And the oxidation catalyst layer 43 and the NO _X storage reduction catalyst layer 44 formed on the filter body 42, and is formed in the same manner as in the first embodiment except the shape of the sub partition wall 45.

The filter body 42 of the fifth embodiment can use the same porous ceramic structure as that of the first embodiment, and has a plug 46 having the same shape as that of the first embodiment, a gas inflow hole 47, and the like. , A gas outlet hole 48, a filter partition wall 49, and a sub partition wall 45.

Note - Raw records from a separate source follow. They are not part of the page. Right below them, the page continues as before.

(* Let $\{Z_n\}_{n\in\mathbb{N}}$ be a sequence of diagonal matrices $Z_n=\mathrm{diag}(z_1^{(n)},\ldots,z_n^{(n)})$ with $z_j^{(n)}\geq 1$ having bounded squeezing of degree $\zeta\ge0$, such that $\lambda(n)=\frac{1}{2n}\sum_{j=1}^n (z_j^{(n)}+1/z_j^{(n)})$ is uniformly bounded in $n$, and let $\{k_n\}$ be a sequence of subsystem sizes bounded of degree $\kappa\ge0$; write $k=k_n$. Define $f:U(n)\to\mathbb{R}$ by $f(U)=\mathrm{tr}\Big[\big((J_kM_{n,k}(U))^2+\lambda(n)^2I_{2k}\big)^2\Big]$. Equip $U(n)$ with the Hilbert–Schmidt distance $d(U,V)=\|U-V\|_2=\sqrt{\mathrm{tr}((U-V)^*(U-V))}$. Then the Lipschitz constant of $f$ is upper bounded by $Cn^{4\zeta+\kappa/2}$, where $C>0$ is a constant.
   Context: $J_k=\begin{pmatrix}0_k&-I_k\\ I_k&0_k\end{pmatrix}$. For $U\in U(n)$, $\eta(U)=\begin{pmatrix}\mathrm{Re}(U)&\mathrm{Im}(U)\\ -\mathrm{Im}(U)&\mathrm{Re}(U)\end{pmatrix}$, $M_n(U)=\eta(U)(Z_n\oplus Z_n^{-1})\eta(U)^T$, and $M_{n,k}(U)$ is the $2k\times2k$ submatrix of $M_n(U)$ with rows and columns indexed by $\{1,\ldots,k\}\cup\{n+1,\ldots,n+k\}$. Bounded squeezing of degree $\zeta$: there is $C>0$ with $\|Z_n\|_\infty\le Cn^\zeta$ for all large $n$. Subsystem sizes $k_n\in\{1,\ldots,n\}$ bounded of degree $\kappa$: there is $K>0$ with $k_n\le Kn^\kappa$ for all large $n$. *)

From HB Require Import structures.
From mathcomp Require Import all_boot all_order all_algebra.
From mathcomp Require Import all_classical all_reals all_analysis.
From mathcomp Require Import complex.
Set Implicit Arguments. Unset Strict Implicit. Unset Printing Implicit Defensive.
Import Order.TTheory GRing.Theory Num.Theory.
Local Open Scope ring_scope.

Section Defs.
Variable R : realType.
Local Notation C := (complex R).

Definition Jmx (k : nat) : 'M[R]_(k + k) :=
  block_mx 0 (- 1%:M) 1%:M 0.

Definition unitary (n : nat) (U : 'M[C]_n) : Prop :=
  U *m (map_mx (@conjc R) U)^T = 1%:M.

Definition eta (n : nat) (U : 'M[C]_n) : 'M[R]_(n + n) :=
  block_mx (map_mx (@complex.Re R) U) (map_mx (@complex.Im R) U)
           (- map_mx (@complex.Im R) U) (map_mx (@complex.Re R) U).

Definition Zdiag (n : nat) (z : 'I_n -> R) : 'M[R]_n := diag_mx (\row_j z j).

Definition Zsum (n : nat) (z : 'I_n -> R) : 'M[R]_(n + n) :=
  block_mx (Zdiag z) 0 0 (invmx (Zdiag z)).

Definition Mn (n : nat) (z : 'I_n -> R) (U : 'M[C]_n) : 'M[R]_(n + n) :=
  eta U *m Zsum z *m (eta U)^T.

(* entry of a square matrix at nat-indices (0 outside the range) *)
Definition mget (m : nat) (A : 'M[R]_m) (a b : nat) : R :=
  match @insub _ (fun i => i < m)%N 'I_m a, @insub _ (fun i => i < m)%N 'I_m b with
  | Some i, Some j => A i j
  | _, _ => 0
  end.

(* 0-based index map 'I_(k+k) -> rows {0..k-1} U {n..n+k-1} of a 2n x 2n matrix,
   i.e. the 1-based rows {1..k} U {n+1..n+k} in increasing order *)
Definition subidx (n k : nat) (i : 'I_(k + k)) : nat :=
  if (i < k)%N then val i else (n + (val i - k))%N.

Definition Mnk (n : nat) (z : 'I_n -> R) (k : nat) (U : 'M[C]_n) : 'M[R]_(k + k) :=
  \matrix_(i, j) mget (Mn z U) (@subidx n k i) (@subidx n k j).

Definition lambda (n : nat) (z : 'I_n -> R) : R :=
  (2 * n%:R)^-1 * \sum_(j < n) (z j + (z j)^-1).

Definition fU (n : nat) (z : 'I_n -> R) (k : nat) (U : 'M[C]_n) : R :=
  let A := Jmx k *m Mnk z k U in
  let B := A *m A + (lambda z ^+ 2)%:M in
  \tr (B *m B).

(* Hilbert-Schmidt distance ||U - V||_2 = sqrt(tr((U-V)^*(U-V))) = sqrt(sum_{ij} |U_ij - V_ij|^2) *)
Definition hsdist (n : nat) (U V : 'M[C]_n) : R :=
  Num.sqrt (\sum_(i < n) \sum_(j < n)
     ((complex.Re (U i j - V i j)) ^+ 2 + (complex.Im (U i j - V i j)) ^+ 2)).

End Defs.
Arguments subidx n k i : clear implicits.

From Pilot Require Import Defs.
From HB Require Import structures.
From mathcomp Require Import all_boot all_order all_algebra.
From mathcomp Require Import all_classical all_reals all_analysis.
From mathcomp Require Import complex.
From mathcomp Require Import ring lra zify.
Set Implicit Arguments. Unset Strict Implicit. Unset Printing Implicit Defensive.
Import Order.TTheory GRing.Theory Num.Theory.
Local Open Scope ring_scope.

(** Write [A_U = J_k M_{n,k}(U)], so that
    [f(U) = tr A_U^4 + 2 lambda^2 tr A_U^2 + 2k lambda^4].  Since [eta(U)] is
    orthogonal for unitary [U] and [M_{n,k}(U)] is a compression of
    [eta(U) (Z + Z^-1) eta(U)^T], the operator norm of [A_U] is at most
    [s = max_j max(z_j, 1/z_j)], and
    [||A_U - A_V||_F <= 2 s ||eta(U) - eta(V)||_F = 2 sqrt 2 s ||U - V||_2].
    Telescoping [tr A^4 - tr B^4] into four traces [tr (P (A - B))], with [P]
    a product of three factors [A] or [B], and Cauchy-Schwarz for the trace
    pairing give [|f(U) - f(V)| <= 8 s^3 sqrt(2k) ||A_U - A_V||_F
    <= 32 s^4 sqrt k ||U - V||_2]; finally [s = O(n^zeta)] and
    [sqrt k = O(n^(kappa/2))]. *)

Section TraceIdentities.
Variables (R : comPzRingType) (m : nat).
Implicit Types A B : 'M[R]_m.

Lemma mxtrace_sqr_telescope A B :
  \tr (A *m A) - \tr (B *m B) = \tr (A *m (A - B)) + \tr (B *m (A - B)).
Proof. by rewrite !mulmxBr !raddfB /= [\tr (A *m B)]mxtrace_mulC; ring. Qed.

Lemma mxtrace_pow4_telescope A B :
  \tr (A *m A *m A *m A) - \tr (B *m B *m B *m B) =
  \tr (A *m A *m A *m (A - B)) + \tr (B *m A *m A *m (A - B))
  + \tr (B *m B *m A *m (A - B)) + \tr (B *m B *m B *m (A - B)).
Proof.
have cyc X Y Z : \tr (X *m Y *m Z *m B) = \tr (B *m X *m Y *m Z).
  by rewrite mxtrace_mulC !mulmxA.
by rewrite !mulmxBr !raddfB /= !cyc; ring.
Qed.

End TraceIdentities.

Section Selection.
Variables (R : pzRingType) (m m' : nat) (f : 'I_m' -> 'I_m).

Lemma mxsub_selE n (g : 'I_m' -> 'I_n) (A : 'M[R]_(m, n)) :
  mxsub f g A = rowsub f 1%:M *m A *m (rowsub g 1%:M)^T.
Proof.
by rewrite -rowsubE trmx_mxsub trmx1 mulmx_colsub mulmx1 mxsubcr.
Qed.

Lemma rowsub1_coisometry : injective f ->
  rowsub f 1%:M *m (rowsub f 1%:M)^T = 1%:M :> 'M[R]_m'.
Proof.
move=> f_inj; rewrite -[X in X *m _]mulmx1 -mxsub_selE.
by apply/matrixP => i j; rewrite !mxE (inj_eq f_inj).
Qed.

End Selection.

Lemma sqr_sum_mul_le (R : realDomainType) (I : finType) (a b : I -> R) :
  (\sum_i a i * b i) ^+ 2 <= (\sum_i a i ^+ 2) * (\sum_i b i ^+ 2).
Proof.
set Sa := \sum_i a i ^+ 2; set Sb := \sum_i b i ^+ 2; set Sab := \sum_i a i * b i.
have prod_sum (F G : I -> R) : (\sum_i F i) * (\sum_j G j) = \sum_i \sum_j F i * G j.
  by rewrite mulr_suml; apply: eq_bigr => i _; rewrite mulr_sumr.
have lagrange : \sum_i \sum_j (a i * b j - a j * b i) ^+ 2 =
    \sum_i \sum_j a i ^+ 2 * b j ^+ 2 + \sum_i \sum_j a j ^+ 2 * b i ^+ 2
    - 2 * \sum_i \sum_j a i * b i * (a j * b j).
  rewrite mulr_sumr -big_split -sumrB /=; apply: eq_bigr => i _.
  by rewrite mulr_sumr -big_split -sumrB /=; apply: eq_bigr => j _; ring.
rewrite [X in _ + X - _]exchange_big -!prod_sum -expr2 -/Sa -/Sb -/Sab in lagrange.
have : 0 <= \sum_i \sum_j (a i * b j - a j * b i) ^+ 2.
  by apply: sumr_ge0 => i _; apply: sumr_ge0 => j _; exact: sqr_ge0.
rewrite lagrange; lra.
Qed.

Section Frobenius.
Variable R : rcfType.

Definition frob m n (A : 'M[R]_(m, n)) : R := Num.sqrt (\sum_i \sum_j A i j ^+ 2).

Lemma frob_ge0 m n (A : 'M[R]_(m, n)) : 0 <= frob A.
Proof. exact: sqrtr_ge0. Qed.

Lemma sqr_frob m n (A : 'M[R]_(m, n)) : frob A ^+ 2 = \sum_i \sum_j A i j ^+ 2.
Proof.
by rewrite sqr_sqrtr // sumr_ge0 // => i _; rewrite sumr_ge0 // => j _; exact: sqr_ge0.
Qed.

Lemma sqr_frob_mxtrace m n (A : 'M[R]_(m, n)) : frob A ^+ 2 = \tr (A *m A^T).
Proof.
rewrite sqr_frob; apply: eq_bigr => i _; rewrite mxE.
by apply: eq_bigr => j _; rewrite mxE expr2.
Qed.

Lemma frobE m n (A : 'M[R]_(m, n)) : frob A = Num.sqrt (\tr (A *m A^T)).
Proof. by rewrite -sqr_frob_mxtrace sqrtr_sqr ger0_norm ?frob_ge0. Qed.

Lemma frob_trmx m n (A : 'M[R]_(m, n)) : frob A^T = frob A.
Proof.
rewrite /frob exchange_big; congr Num.sqrt.
by apply: eq_bigr => j _; apply: eq_bigr => i _; rewrite mxE.
Qed.

Lemma frob1 m : frob (1%:M : 'M[R]_m) = Num.sqrt m%:R.
Proof. by rewrite frobE trmx1 mulmx1 mxtrace1. Qed.

Lemma mxtrace_mul_le m n (A : 'M[R]_(m, n)) (B : 'M[R]_(n, m)) :
  `|\tr (A *m B)| <= frob A * frob B.
Proof.
rewrite -[frob B]frob_trmx -ler_sqr ?nnegrE ?mulr_ge0 ?frob_ge0 //.
rewrite real_normK ?num_real // exprMn !sqr_frob !(pair_bigA _ (fun i j => _ ^+ 2)) /=.
have -> : \tr (A *m B) = \sum_(p : 'I_m * 'I_n) A p.1 p.2 * B^T p.1 p.2.
  rewrite -(pair_bigA _ (fun i j => A i j * B^T i j)) /=.
  by apply: eq_bigr => i _; rewrite mxE; apply: eq_bigr => j _; rewrite mxE.
exact: sqr_sum_mul_le.
Qed.

Lemma ler_frobD m n (A B : 'M[R]_(m, n)) : frob (A + B) <= frob A + frob B.
Proof.
rewrite -ler_sqr ?nnegrE ?addr_ge0 ?frob_ge0 // sqrrD !sqr_frob_mxtrace.
rewrite raddfD /= mulmxDl !mulmxDr !raddfD /= -[\tr (B *m A^T)]mxtrace_tr.
rewrite trmx_mul trmxK.
have := ler_norm (\tr (A *m B^T)); have := mxtrace_mul_le A B^T.
rewrite frob_trmx; lra.
Qed.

The gas inflow hole 47 is divided by the sub-partition wall 45 into sub-holes having a triangular cross section in which a quadrangular cross section is divided into two in an oblique one-letter shape. The wall thickness of the sub partition wall 45 is 0.
It is 1 mm.

The wall flow type diesel exhaust gas purifying filter type catalyst of the fifth embodiment can be manufactured in the same manner as in the first embodiment.

<Sixth Embodiment> FIG. 14 shows a sectional view of a wall-flow type diesel exhaust gas purifying filter type catalyst according to a sixth embodiment of the present invention, which is perpendicular to the gas passage, and is parallel to the gas passage. Is shown in FIG. The wall flow type diesel exhaust gas purifying filter type catalyst of the sixth embodiment has a filter body 50, an oxidation catalyst layer 51 and a NO _X storage reduction catalyst layer 60 formed in the filter body 50, and has a gas inlet hole. Other than the shapes of the sub-hole 53 and the gas outflow hole 54, they are formed in the same manner as in the first embodiment.

The filter main body 50 of the sixth embodiment can use the same porous ceramic structure as that of the first embodiment. Like the first embodiment, the plugging plug 55 and the sub gas inlet holes are used. Hole 53, gas outlet 54, and filter partition 56
And a sub partition wall 57.

The sub-hole 53 of the gas inflow hole has a hexagonal cross section, and the cell diameter is 1.5 mm. In addition, the gas outlet 54
Has a hexagonal cross section and a cell diameter of 1.5 mm.

The wall flow type diesel exhaust gas purifying filter type catalyst of the sixth embodiment can be manufactured in the same manner as in the first embodiment. <Seventh Embodiment> A wall-flow type diesel exhaust gas purifying filter type catalyst according to a seventh embodiment of the present invention is shown in FIG. 16 which is a sectional view perpendicular to the gas flow path and in FIG. 17 which is a sectional view parallel to the gas flow path. Shown in. The wall flow type diesel exhaust gas purifying filter type catalyst of the seventh embodiment is provided with a filter body 58.
When, and a filter body 58 oxidation catalyst layer 59 formed on the _the NO _X storage reduction catalyst layer 60, except the amount of the formed oxidation catalyst layer 59 formed on the sub-barrier rib 61 is similar to the first embodiment Is formed in.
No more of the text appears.